Today was a really productive day for me today. I spoke to Prof. Medero today about my musing over the past week, and I have gathered some key insights. Two days ago, I was thinking about two questions. And I think I have the answer to my first question.
My first question was what reading audience I wanted to focus my simplifications on. And I have now decided that I want to focus on adapting simplifications for second-language English learners. One reason for doing this is because Prof. Medero mentioned that they were one of the (abundant) populations to most easily get data for. Also, second-language English learners, to my current knowledge, have not been specifically targeted as an audience for text simplification systems. And finally, I have familial ties to second-language English learners (my parents), and I feel deep conviction to advance the state of research for the sake of anyone in their shoes.
With that figured out, my task now becomes: how can we best simplify text for this population of people?

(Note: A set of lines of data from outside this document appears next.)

(* Let $g$ be a good probability density. Let $\mathbf Z=(Z_1,Z_2,\ldots)$ be i.i.d. with density $g$. Let $\mathbf X=(X_1,X_2,\ldots)$ be independent of $\mathbf Z$ with distribution absolutely continuous with respect to that of $\mathbf Z$. Let $\mathcal I=\{I_1,\ldots,I_d\}\subseteq\mathbb N$ be an a.s. finite (possibly empty) set of distinct indices chosen as a measurable function of $\mathbf X$, let $X^*=\max\{X_{I_1},\ldots,X_{I_d}\}$, and define $$Y_k=\begin{cases}2X^*+Z_j&\text{if }k=I_j\text{ for some }1\le j\le d,\\ X_k&\text{if }k\notin\mathcal I.\end{cases}$$ Then the distribution of $\mathbf Y=(Y_k)_{k\in\mathbb N}$ is absolutely continuous with respect to that of $\mathbf Z$.
   Context: A probability density $g$ is good if its support is $\mathbb{R}_+=[0,\infty)$ and for every $K>0$ there is a constant $C(K)$ with $\sup_{u\in(0,\infty),\,x\in(0,K]}g(u-x)/g(u)\le C(K)$ (with $g=0$ on $(-\infty,0)$). Example: the Exponential density. *)

From HB Require Import structures.
From mathcomp Require Import all_boot all_order all_algebra.
From mathcomp Require Import all_classical all_reals all_analysis.
Set Implicit Arguments. Unset Strict Implicit. Unset Printing Implicit Defensive.
Import Order.TTheory GRing.Theory Num.Theory.
Local Open Scope classical_set_scope.
Local Open Scope ring_scope.

Definition seq_measurable (R : realType) : set (set (nat -> R)) :=
  <<s \bigcup_(n in [set: nat])
        [set (fun x : nat -> R => x n) @^-1` B | B in [set B : set R | measurable B]] >>.

Definition good_density (R : realType) (g : R -> R) : Prop :=
  [/\ measurable_fun [set: R] g,
      (forall x, 0 <= g x),
      (\int[lebesgue_measure]_(x in [set: R]) (g x)%:E = 1)%E &
  [/\
      (forall x, x < 0 -> g x = 0),
      (forall x, 0 < x -> 0 < g x) &
      (forall K, 0 < K -> exists C : R, forall u x, 0 < u -> 0 < x -> x <= K ->
          g (u - x) / g u <= C)]].

Definition iid_with_density (R : realType) (d : measure_display)
    (Omega : measurableType d) (P : probability Omega R)
    (g : R -> R) (Z : nat -> Omega -> R) : Prop :=
  [/\ (forall n, measurable_fun [set: Omega] (Z n)),
      (forall n (B : set R), measurable B ->
          P (Z n @^-1` B) = (\int[lebesgue_measure]_(x in B) (g x)%:E)%E) &
      (forall (S : seq nat) (B : nat -> set R), uniq S ->
          (forall n, measurable (B n)) ->
          P (\bigcap_(n in [set n | n \in S]) (Z n @^-1` B n)) =
          (\prod_(n <- S) P (Z n @^-1` B n))%E)].

Definition vec (R : realType) (Omega : Type) (Z : nat -> Omega -> R) :
  Omega -> nat -> R := fun w n => Z n w.

Definition indep_seq (R : realType) (d : measure_display)
    (Omega : measurableType d) (P : probability Omega R)
    (X Z : Omega -> nat -> R) : Prop :=
  forall A B : set (nat -> R), seq_measurable A -> seq_measurable B ->
    P (X @^-1` A `&` Z @^-1` B) = (P (X @^-1` A) * P (Z @^-1` B))%E.

Definition law_abs_cont (R : realType) (d : measure_display)
    (Omega : measurableType d) (P : probability Omega R)
    (X Z : Omega -> nat -> R) : Prop :=
  forall A : set (nat -> R), seq_measurable A ->
    P (Z @^-1` A) = 0%E -> P (X @^-1` A) = 0%E.

Definition index_selector (R : realType) (I : (nat -> R) -> seq nat) : Prop :=
  (forall x, uniq (I x)) /\
  (forall s : seq nat, seq_measurable [set x | I x = s]).

(* X^* = max {X_{I_1},...,X_{I_d}} (irrelevant when d = 0). *)
Definition Xstar (R : realType) (s : seq nat) (x : nat -> R) : R :=
  \big[Num.max/x (head 0%N s)]_(i <- s) x i.

(* Y_k = 2 X^* + Z_j if k = I_j, and Y_k = X_k if k \notin I.
   (0-based: I_j is the j-th element of the list, Z_j is z j.) *)
Definition Ymap (R : realType) (s : seq nat) (x z : nat -> R) : nat -> R :=
  fun k => if k \in s then 2 * Xstar s x + z (index k s) else x k.

(* Write x, z for the values of X, Z.  On the event {I(x) = s, x >= 0,
   X^*(x) <= K} one has Y = splice_s(x, z'), where splice_s puts z'_j at
   position s_j and keeps x elsewhere, and z' is z with its first |s|
   coordinates translated by 2 X^*(x) in [0, 2K].  Because Z is i.i.d.,
   splice_s maps mu_Z (x) mu_Z to mu_Z; because g is good, translating finitely
   many coordinates by bounded amounts inflates mu_Z by at most a constant
   factor.  So for a mu_Z-null set A, Fubini makes the z-section of
   {splice_s in A} mu_Z-null for mu_Z-almost every x, hence for mu_X-almost
   every x since mu_X << mu_Z, and then the z-section of {Y in A} is null as
   well.  Countably many events (s, K) cover {Y in A}, up to the null event
   that some X_k is negative. *)

From HB Require Import structures.
From mathcomp Require Import all_boot all_order all_algebra.
From mathcomp Require Import all_classical all_reals all_analysis.
From mathcomp Require Import measurable_realfun.
Set Implicit Arguments. Unset Strict Implicit. Unset Printing Implicit Defensive.
Import Order.TTheory GRing.Theory Num.Theory.
Local Open Scope classical_set_scope.
Local Open Scope ring_scope.

Lemma measurableT_preimage d d' (T : measurableType d) (T' : measurableType d')
    (f : T -> T') (B : set T') :
  measurable_fun [set: T] f -> measurable B -> measurable (f @^-1` B).
Proof. by move=> mf mB; rewrite -[X in measurable X]setTI; exact: mf. Qed.

Lemma negligible_bigcup_countType d (T : sigmaRingType d) (R : realFieldType)
    (mu : {measure set T -> \bar R}) (U : countType) (F : U -> set T) :
  (forall i, mu.-negligible (F i)) -> mu.-negligible (\bigcup_i F i).
Proof.
move=> nF.
have nG : mu.-negligible (\bigcup_n oapp F set0 (unpickle n)).
  apply: negligible_bigcup => n; case: (unpickle n) => [i|] /=; first exact: nF.
  exact: negligible_set0.
apply: (negligibleS _ nG) => t [i _ Fit].
by exists (pickle i) => //=; rewrite pickleK.
Qed.

Lemma null_dominates_integral0 d (T : measurableType d) (R : realType)
    (mu nu : {measure set T -> \bar R}) (h : T -> \bar R) :
  mu `<< nu -> measurable_fun [set: T] h -> (forall x, 0 <= h x)%E ->
  (\int[nu]_x h x = 0 -> \int[mu]_x h x = 0)%E.
Proof.
move=> mu_nu mh h0 nuh0.
have h_ae0 : ae_eq nu [set: T] h (cst 0%E).
  apply/ae_eq_integral_abs => //.
  by rewrite -nuh0; apply: eq_integral => x _; rewrite gee0_abs.
rewrite (ae_eq_integral (cst 0%E)) ?integral0 //.
exact: null_dominates_ae_eq h_ae0.
Qed.

Section lebesgue_measure_shift.
Context {R : realType}.
Local Open Scope ereal_scope.

Lemma measurable_shift (c : R) : measurable_fun [set: R] (shift c).
Proof. by apply: measurable_funD => //; exact: measurable_id. Qed.

Lemma lebesgue_measure_shift (c : R) (D : set R) : measurable D ->
  lebesgue_measure (shift c @^-1` D) = lebesgue_measure D.
Proof.
move=> mD; rewrite -[LHS]/(pushforward lebesgue_measure (shift c : R -> measurableTypeR R) D).
apply/esym/lebesgue_measure_unique => //=; first exact: measurable_shift.
move=> _ _ [[a b] _ <-]; rewrite /pushforward.
have -> : shift c @^-1` `]a, b]%classic = `](a - c)%R, (b - c)%R]%classic.
  by apply/seteqP; split => t /=; rewrite !in_itv /= ?ltrBlDr ?lerBrDr.
rewrite !lebesgue_measure_itv /= !lte_fin ltrD2r.
by case: ifP => // _; rewrite -!EFinD opprB addrA subrK.
Qed.

Lemma ge0_integral_shift (c : R) (D : set R) (f : R -> \bar R) :
  measurable D -> measurable_fun [set: R] f -> (forall x, 0 <= f x) ->
  \int[lebesgue_measure]_(t in shift c @^-1` D) f (t + c)%R =
  \int[lebesgue_measure]_(u in D) f u.
Proof.
move=> mD mf f0.
have mfD : measurable_fun D f := measurable_funS measurableT (subsetT D) mf.
have f0D : {in D, forall u, 0 <= f u} by move=> u _; exact: f0.
rewrite -[LHS]/(\int[lebesgue_measure]_(t in shift c @^-1` D) (f \o shift c) t).
have mshift : measurable_fun [set: measurableTypeR R]
    (shift c : measurableTypeR R -> measurableTypeR R) := measurable_shift c.
rewrite -(ge0_integral_pushforward mshift lebesgue_measure mD mfD f0D).
by apply: eq_measure_integral => /= A mA _; exact: lebesgue_measure_shift.
Qed.

End lebesgue_measure_shift.

Section good_density.
Context {R : realType} (g : R -> R).
Hypothesis gg : good_density g.

Lemma good_density_shift_le (K : R) : 0 < K ->
  exists2 C : R, 0 <= C & forall c u, 0 <= c <= K -> g (u - c) <= C * g u.
Proof.
case: gg => _ g0 _ [gneg gpos ratio] K0.
have [C HC] := ratio K K0.
have C1 : 1 <= Num.max C 1 by rewrite le_max lexx orbT.
exists (Num.max C 1) => [|c u /andP[c0 cK]]; first exact: le_trans C1.
have [->|c_neq0] := eqVneq c 0; first by rewrite subr0 -[leLHS]mul1r ler_wpM2r.
have cpos : 0 < c by rewrite lt_def c_neq0 c0.
have [upos|uneg] := ltP 0 u.
  have := HC u c upos cpos cK; rewrite ler_pdivrMr ?gpos // => /le_trans; apply.
  by rewrite ler_wpM2r // le_max lexx.
by rewrite gneg ?mulr_ge0 ?(le_trans ler01 C1) // subr_lt0 (le_lt_trans uneg).
Qed.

How can we make it adaptive to how much English each person has learned? These are the questions that my research efforts will now focus on. One avenue that I see myself exploring is:
- Figuring out the patterns that are used to simplify text for this population (e.g., sentence splits, fewer parts of speech, etc.). I can do this by examining text written by this population to see what constructs are uncommon (compared to a typical English corpus) and thus difficult for this population. I can also do this by examining the findings in other papers. Petersen and Ostendorf have an excellent article about this here.
- Creating a classifier that predicts if text is complex enough to need to be simplified in some way.
- Performing the simplifications, using statistical machine translation.
I realize that’s a lot to do in 9 weeks (especially step 3). But is one path I see to getting what I want.